The problem: Read through the lines below and copy the ones holding the string "Section".

'''

(* Let $N=\{1,\ldots,n\}$. $\mathscr{BG}_+(n)$, viewed as a subset of $\mathbb{R}^{2^N\setminus\{\varnothing,N\}}$, is a $(2^n-2)$-dimensional polytope.
   Context: A game on $N$ is a map $v:2^N\to\mathbb{R}$ with $v(\varnothing)=0$. $\mathscr{G}_+(n)$ is the set of games with $v(S)\geqslant 0$ for all $S$ and $v(N)=1$. A collection $\mathscr{B}$ of nonempty subsets of $N$ is balanced if there exist positive weights $(\lambda_S)_{S\in\mathscr{B}}$ with $\sum_{S\in\mathscr{B},S\ni i}\lambda_S=1$ for all $i\in N$; minimal balanced if no proper subcollection is balanced, with unique weights $\lambda^{\mathscr{B}}_S$. $\mathfrak{B}^*(n)$ is the set of minimal balanced collections on $N$ other than $\{N\}$. $\mathscr{BG}_+(n)=\{v\in\mathscr{G}_+(n):\sum_{S\in\mathscr{B}}\lambda^{\mathscr{B}}_Sv(S)\leqslant 1\ \forall\mathscr{B}\in\mathfrak{B}^*(n)\}$, i.e. the nonnegative games with $v(N)=1$ having nonempty core. *)

From HB Require Import structures.
From mathcomp Require Import all_boot all_order all_algebra.
Set Implicit Arguments. Unset Strict Implicit. Unset Printing Implicit Defensive.
Import Order.TTheory GRing.Theory Num.Theory.
Local Open Scope ring_scope.

Section Games.
Variable R : realFieldType.
Variable n : nat.

Definition coords : predArgType :=
  {S : {set 'I_n} | (S != set0) && (S != setT)}.

(* The game v with v(emptyset) = 0, v(N) = 1 and v(S) = x S otherwise. *)
Definition game_of (x : coords -> R) (S : {set 'I_n}) : R :=
  match insub S : option coords with
  | Some s => x s
  | None => if S == set0 then 0 else 1
  end.

Definition balancing_weights (B : {set {set 'I_n}}) (lam : {set 'I_n} -> R) :=
  (forall S, S \in B -> 0 < lam S) /\
  (forall i : 'I_n, \sum_(S in B | i \in S) lam S = 1).

Definition balanced (B : {set {set 'I_n}}) :=
  set0 \notin B /\ exists lam, balancing_weights B lam.

Definition minimal_balanced (B : {set {set 'I_n}}) :=
  balanced B /\ forall B' : {set {set 'I_n}}, B' \proper B -> ~ balanced B'.

(* For a minimal balanced
   collection the balancing weights are unique, so "the weights lambda^B"
   is rendered by quantifying over all balancing weights of B. *)
Definition BGplus (x : coords -> R) : Prop :=
  (forall s, 0 <= x s) /\
  (forall B : {set {set 'I_n}}, minimal_balanced B -> B != [set setT] ->
     forall lam, balancing_weights B lam ->
       \sum_(S in B) lam S * game_of x S <= 1).
End Games.

Section Polytopes.
Variable R : realFieldType.
Variable T : finType.

Definition is_polytope (P : (T -> R) -> Prop) : Prop :=
  (exists (m : nat) (A : 'I_m -> T -> R) (b : 'I_m -> R),
     forall x, P x <-> forall k, \sum_(t : T) A k t * x t <= b k) /\
  (exists M : R, forall x, P x -> forall t, `|x t| <= M).

Definition aff_indep (k : nat) (p : 'I_k.+1 -> T -> R) : bool :=
  \rank (\matrix_(i < k, j < #|T|)
           (p (lift ord0 i) (enum_val j) - p ord0 (enum_val j))) == k.

Definition affine_dim (P : (T -> R) -> Prop) (d : nat) : Prop :=
  (exists p : 'I_d.+1 -> T -> R, (forall i, P (p i)) /\ aff_indep p) /\
  (forall p : 'I_d.+2 -> T -> R, (forall i, P (p i)) -> ~~ aff_indep p).
End Polytopes.

(* The inequalities defining BG+(n) are x >= 0 together with one linear
   inequality per minimal balanced collection B <> {N}; there are finitely
   many of them because the balancing weights of a minimal balanced collection
   are unique.  The pair {S, N \ S} is minimal balanced with weights 1, so
   x_S + x_(N \ S) <= 1 and BG+(n) lies in the unit cube.  Since balancing
   weights never exceed 1, BG+(n) contains the origin and every unit vector,
   hence is full-dimensional. *)
From Stdlib Require Import ClassicalEpsilon.
From HB Require Import structures.
From mathcomp Require Import all_boot all_order all_algebra.
Set Implicit Arguments. Unset Strict Implicit. Unset Printing Implicit Defensive.
Import Order.TTheory GRing.Theory Num.Theory.
Local Open Scope ring_scope.

Section Polyhedra.
Variables (R : realFieldType) (T : finType).

Lemma finite_halfspaces_polyhedral (I : finType) (Q : I -> Prop)
    (A : I -> T -> R) (b : I -> R) (P : (T -> R) -> Prop) :
  (forall x, P x <-> forall i, Q i -> \sum_t A i t * x t <= b i) ->
  exists (m : nat) (A' : 'I_m -> T -> R) (b' : 'I_m -> R),
    forall x, P x <-> forall k, \sum_t A' k t * x t <= b' k.
Proof.
move=> defP.
pose A' i := if excluded_middle_informative (Q i) then A i else fun=> 0.
pose b' i := if excluded_middle_informative (Q i) then b i else 0.
exists #|I|, (fun k => A' (enum_val k)), (fun k => b' (enum_val k)) => x.
have ineqP i : \sum_t A' i t * x t <= b' i <-> (Q i -> \sum_t A i t * x t <= b i).
  rewrite /A' /b'; case: excluded_middle_informative => [Qi | nQi].
    by split=> [|/(_ Qi)].
  by rewrite big1 ?lexx // => t _; rewrite mul0r.
rewrite defP; split=> [Px k | Px i]; first exact/ineqP/Px.
by rewrite -(enum_rankK i); apply/ineqP/Px.
Qed.

Lemma affine_dim_card (P : (T -> R) -> Prop) :
  P (fun=> 0) -> (forall t0, P (fun t => (t == t0)%:R)) -> affine_dim P #|T|.
Proof.
move=> P0 Pdelta; split.
  pose p (i : 'I_#|T|.+1) : T -> R :=
    if unlift ord0 i is Some j then fun t => (t == enum_val j)%:R else fun=> 0.
  exists p; split; first by move=> i; rewrite /p; case: unlift.
  rewrite /aff_indep; set M := (\matrix_(_ < _, _ < _) _).
  have -> : M = 1%:M.
    apply/matrixP => i j; rewrite !mxE /p liftK unlift_none subr0.
    by rewrite (inj_eq enum_val_inj) eq_sym.
  by rewrite mxrank1.
by move=> p _; rewrite /aff_indep neq_ltn ltnS rank_leq_col.
Qed.

End Polyhedra.

Section BalancedCollections.
Variables (R : realFieldType) (n : nat).
Implicit Types (B : {set {set 'I_n}}) (S U : {set 'I_n}) (lam : {set 'I_n} -> R).

Lemma balancing_weights_le1 B lam S :
  balancing_weights B lam -> S \in B -> S != set0 -> lam S <= 1.
Proof.
move=> [lam_gt0 lam_sum] SB /set0Pn [i iS].
rewrite -(lam_sum i) (bigD1 S) /= ?SB ?iS // lerDl sumr_ge0 //.
by move=> U /andP[/andP[UB _] _]; exact/ltW/lam_gt0.
Qed.

Lemma balanced_cover B i : balanced R B -> exists2 U, U \in B & i \in U.
Proof.
move=> [_ [lam [_ /(_ i) lam_sum]]].
have [/exists_inP // | /exists_inPn noU] := boolP [exists U in B, i \in U].
have no_term : (fun U => (U \in B) && (i \in U)) =1 xpred0.
  by move=> U; have [/noU/negbTE|] := boolP (U \in B).
by move/eqP: lam_sum; rewrite big_pred0 // eq_sym oner_eq0.
Qed.

Lemma balancing_weights_eq_of_le B lam lam' : set0 \notin B ->
  balancing_weights B lam -> balancing_weights B lam' ->
  {in B, forall S, lam S <= lam' S} -> {in B, lam =1 lam'}.
Proof.
move=> B0 [_ lam_sum] [_ lam'_sum] le_lam S SB.
have /set0Pn [i iS] : S != set0 by apply: contraNneq B0 => <-.
have sum_diff : \sum_(U in B | i \in U) (lam' U - lam U) = 0.
  by rewrite sumrB lam_sum lam'_sum subrr.
apply/esym/eqP; rewrite -subr_eq0; apply/eqP.
apply: (psumr_eq0P _ sum_diff); last by rewrite SB iS.
by move=> U /andP[UB _]; rewrite subr_ge0 le_lam.
Qed.

(* Witnessed by the weights [(lam' - c * lam) / (1 - c)]. *)
Lemma balanced_strict_excess B lam lam' c : set0 \notin B ->
  balancing_weights B lam -> balancing_weights B lam' -> c < 1 ->
  {in B, forall S, c * lam S <= lam' S} ->
  balanced R [set S in B | c * lam S < lam' S].
Proof.
move=> B0 [_ lam_sum] [_ lam'_sum] c_lt1 c_le.
set B' := [set S in B | _].
have c1_gt0 : 0 < 1 - c by rewrite subr_gt0.
split; first by apply: contra B0; rewrite inE => /andP[].
exists (fun S => (lam' S - c * lam S) / (1 - c)); split.
  by move=> S; rewrite inE => /andP[_ ?]; rewrite divr_gt0 // subr_gt0.
move=> i; have -> : \sum_(S in B' | i \in S) (lam' S - c * lam S) / (1 - c)
                  = \sum_(S in B | i \in S) (lam' S - c * lam S) / (1 - c).
  rewrite [RHS](bigID (mem B')) /= [X in _ = _ + X]big1 ?addr0.
    apply: eq_bigl => S; rewrite !inE.
    by case: (S \in B) (i \in S) (c * lam S < lam' S) => [] [] [].
  move=> S /andP[/andP[SB _]]; rewrite inE SB /= -leNgt => le_lam'.
  have -> : lam' S = c * lam S by apply/eqP; rewrite eq_le le_lam' c_le.
  by rewrite subrr mul0r.
by rewrite -mulr_suml sumrB -mulr_sumr lam_sum lam'_sum mulr1 divff ?gt_eqF.
Qed.

Lemma minimal_balanced_weights_unique B lam lam' : minimal_balanced R B ->
  balancing_weights B lam -> balancing_weights B lam' -> {in B, lam =1 lam'}.
Proof.
(* With [c] the least ratio [lam' / lam] on [B], [c < 1] would yield a proper
   balanced subcollection. *)
move=> [[B0 _] minB] hlam hlam' S SB.
have [lam_gt0 _] := hlam.
have [Sm SmB Sm_min] := arg_minP (fun U => lam' U / lam U) SB.
set c := lam' Sm / lam Sm in Sm_min.
have c_le : {in B, forall U, c * lam U <= lam' U}.
  by move=> U UB; rewrite -ler_pdivlMr ?lam_gt0 ?Sm_min.
have [c_lt1 | c_ge1] := ltP c 1.
  exfalso; apply: minB (balanced_strict_excess B0 hlam hlam' c_lt1 c_le).
  apply/properP; split; first by apply/subsetP => U; rewrite inE => /andP[].
  exists Sm => //; rewrite inE (SmB : Sm \in B) /= /c.
  by rewrite mulrAC -mulrA divff ?mulr1 ?ltxx // gt_eqF ?lam_gt0.
apply: balancing_weights_eq_of_le B0 hlam hlam' _ S SB => U UB.
by apply: le_trans (c_le U UB); rewrite ler_peMl // ltW ?lam_gt0.
Qed.

Lemma balanced_setT : (0 < n)%N -> balanced R [set [set: 'I_n]].
Proof.
move=> n_gt0; split.
  by rewrite inE eq_sym; apply/set0Pn; exists (Ordinal n_gt0).
exists (fun=> 1); split=> [|i]; first by move=> *; exact: ltr01.
rewrite (big_pred1 [set: 'I_n]) // => S.
by rewrite !inE andb_idr // => /eqP->; rewrite inE.
Qed.

Lemma setT_notin_minimal_balanced B : (0 < n)%N ->
  minimal_balanced R B -> B != [set setT] -> setT \notin B.
Proof.
move=> n_gt0 [_ minB] BnT; apply/negP => TB.
apply: (minB [set setT]) (balanced_setT n_gt0).
by rewrite properEneq sub1set TB andbT eq_sym.
Qed.

Lemma big_setC_pair (F : {set 'I_n} -> R) S : S != set0 ->
  \sum_(U in [set S; ~: S]) F U = F S + F (~: S).
Proof.
case/set0Pn=> i iS; rewrite big_setU1 ?big_set1 // inE.
by apply/eqP => SC; move: (iS); rewrite {1}SC inE iS.
Qed.

Lemma balancing_weights_setC_pair S :
  S != set0 -> balancing_weights [set S; ~: S] (fun=> 1 : R).
Proof.
move=> S0; split=> [|i]; first by move=> *; exact: ltr01.
rewrite big_mkcondr big_setC_pair // inE.
by case: (i \in S); rewrite ?addr0 ?add0r.
Qed.

Lemma minimal_balanced_setC_pair S :
  S != set0 -> S != setT -> minimal_balanced R [set S; ~: S].
Proof.
move=> S0 ST; have C0 : ~: S != set0.
  by apply: contraNneq ST => C0; rewrite -[S]setCK C0 setC0.
split.
  split; last by exists (fun=> 1); exact: balancing_weights_setC_pair.
  by rewrite !inE negb_or !(eq_sym set0) S0.
move=> B' /properP [B'sub [U US UB']] balB'.
have /set0Pn [i iU] : U != set0 by case/set2P: US => ->.
have [V VB' iV] := balanced_cover i balB'.
have VS := subsetP B'sub V VB'.
case/set2P: US iU UB' => -> iU UB'; case/set2P: VS iV VB' => -> iV VB'.
- by rewrite VB' in UB'.
- by rewrite inE iU in iV.
- by rewrite inE iV in iU.
- by rewrite VB' in UB'.
Qed.

End BalancedCollections.

Section CoreOfNonnegativeGames.
Variables (R : realFieldType) (n : nat).
Hypothesis n_gt0 : (0 < n)%N.
Implicit Types (x : coords n -> R) (B : {set {set 'I_n}}) (lam : {set 'I_n} -> R).

Lemma card_coords : #|coords n| = (2 ^ n - 2)%N.
Proof.
have setT0 : [set: 'I_n] != set0 by apply/set0Pn; exists (Ordinal n_gt0).
have card_sets : #|{: {set 'I_n}}| = (2 ^ n)%N.
  by rewrite -cardsT -powersetT card_powerset cardsT card_ord.
rewrite card_sig -card_sets [in RHS](cardD1 set0) [in RHS](cardD1 setT) !inE.
rewrite setT0 subn2 /= add0n.
by apply: eq_card => S; rewrite !inE andbT andbC.
Qed.

Lemma game_of_val x t : game_of x (val t) = x t.
Proof. by rewrite /game_of valK. Qed.

Lemma game_of_ge0 x S : (forall t, 0 <= x t) -> 0 <= game_of x S.
Proof.
move=> x_ge0; rewrite /game_of; case: insub => [t|]; first exact: x_ge0.
by case: ifP => _; rewrite ?ler01.
Qed.

Lemma sum_game_of x B lam : setT \notin B ->
  \sum_(S in B) lam S * game_of x S
    = \sum_t (if val t \in B then lam (val t) else 0) * x t.
Proof.
move=> TnB; rewrite big_mkcond (bigID [pred S | (S != set0) && (S != setT)]) /=.
rewrite [X in _ + X]big1 ?addr0 => [|S]; last first.
  rewrite negb_and !negbK => /orP[] /eqP->; last by rewrite (negbTE TnB).
  by rewrite /game_of insubF ?eqxx ?mulr0 ?if_same.
rewrite (big_sub [pred S | (S != set0) && (S != setT)]).
by apply: eq_bigr => t _; rewrite game_of_val; case: ifP; rewrite ?mul0r.
Qed.

Lemma BGplus_bounded x : BGplus x -> forall t, `|x t| <= 1.
Proof.
move=> [x_ge0 balanced_le1] t; have /andP[S0 ST] := valP t.
have pairnT : [set val t; ~: val t] != [set setT].
  by apply: contraNneq ST => /setP/(_ (val t)); rewrite !inE eqxx.
have := balanced_le1 _ (minimal_balanced_setC_pair R S0 ST) pairnT _
  (balancing_weights_setC_pair R S0).
rewrite big_setC_pair // !mul1r game_of_val ger0_norm // => /(le_trans _); apply.
by rewrite lerDl game_of_ge0.
Qed.

Lemma BGplus_of_simplex x :
  (forall t, 0 <= x t) -> \sum_t x t <= 1 -> BGplus x.
Proof.
move=> x_ge0 sum_le1; split=> // B minB BnT lam lamB.
rewrite sum_game_of ?(setT_notin_minimal_balanced n_gt0 minB BnT) //.
apply: le_trans sum_le1; apply: ler_sum => t _.
case: ifP => tB; last by rewrite mul0r.
rewrite ler_piMl ?(balancing_weights_le1 lamB tB) //.
by case/andP: (valP t).
Qed.

(* The weights [lambda^B] of the paper; junk when [B] is not balanced. *)
Definition lambda_of B : {set 'I_n} -> R :=
  epsilon (inhabits (fun=> 0)) (balancing_weights B).

Lemma lambda_ofP B lam :
  balancing_weights B lam -> balancing_weights B (lambda_of B).
Proof. by move=> lamB; apply: epsilon_spec; exists lam. Qed.

(* Inequality [inl s] is [x_s >= 0]; inequality [inr B] is the one of [B],
   imposed only when [B] is minimal balanced and [B <> {N}]. *)
Definition BG_ineq_active (i : coords n + {set {set 'I_n}}) : Prop :=
  if i is inr B then minimal_balanced R B /\ B != [set setT] else True.

Definition BG_ineq_coef (i : coords n + {set {set 'I_n}}) (t : coords n) : R :=
  match i with
  | inl s => - (t == s)%:R
  | inr B => if val t \in B then lambda_of B (val t) else 0
  end.

Definition BG_ineq_bound (i : coords n + {set {set 'I_n}}) : R :=
  if i is inr _ then 1 else 0.

Lemma BGplus_ineqP x : BGplus x <->
  forall i, BG_ineq_active i -> \sum_t BG_ineq_coef i t * x t <= BG_ineq_bound i.
Proof.
have sum_inl s : \sum_t BG_ineq_coef (inl s) t * x t = - x s.
  rewrite (bigD1 s) //= eqxx mulN1r big1 ?addr0 // => t /negbTE->.
  by rewrite oppr0 mul0r.
have sum_inr B : minimal_balanced R B -> B != [set setT] ->
  \sum_(S in B) lambda_of B S * game_of x S
    = \sum_t BG_ineq_coef (inr B) t * x t.
  by move=> minB BnT; rewrite sum_game_of // (setT_notin_minimal_balanced n_gt0 minB).
split=> [[x_ge0 balanced_le1] [s _ | B [minB BnT]] | ineqs].
- by rewrite sum_inl oppr_le0.
- have [_ [lam lamB]] := minB.1.
  by rewrite /= -sum_inr //; apply: balanced_le1 => //; apply: lambda_ofP lamB.
split=> [t | B minB BnT lam lamB].
  by have := ineqs (inl t) I; rewrite sum_inl oppr_le0.
rewrite (eq_bigr (fun S => lambda_of B S * game_of x S)); last first.
  move=> S SB.
  by rewrite (minimal_balanced_weights_unique minB lamB (lambda_ofP lamB)).
by rewrite sum_inr //; apply: ineqs.
Qed.

End CoreOfNonnegativeGames.

Theorem proposition1 (R : realFieldType) (n : nat) (hn : (0 < n)%N) :
  is_polytope (@BGplus R n) /\ affine_dim (@BGplus R n) (2 ^ n - 2)%N.
Proof.
split; first split.
- exact: finite_halfspaces_polyhedral (BGplus_ineqP hn).
- by exists 1; apply: BGplus_bounded.
rewrite -(card_coords hn); apply: affine_dim_card.
  by apply: (BGplus_of_simplex hn) => //; rewrite big1.
move=> t0; apply: (BGplus_of_simplex hn) => [t|]; first exact: ler0n.
by rewrite (bigD1 t0) //= eqxx big1 ?addr0 // => t /negbTE->.
Qed.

'''

Your response:
Section Games.
Section Polytopes.
Section Polyhedra.
Section BalancedCollections.
Section CoreOfNonnegativeGames.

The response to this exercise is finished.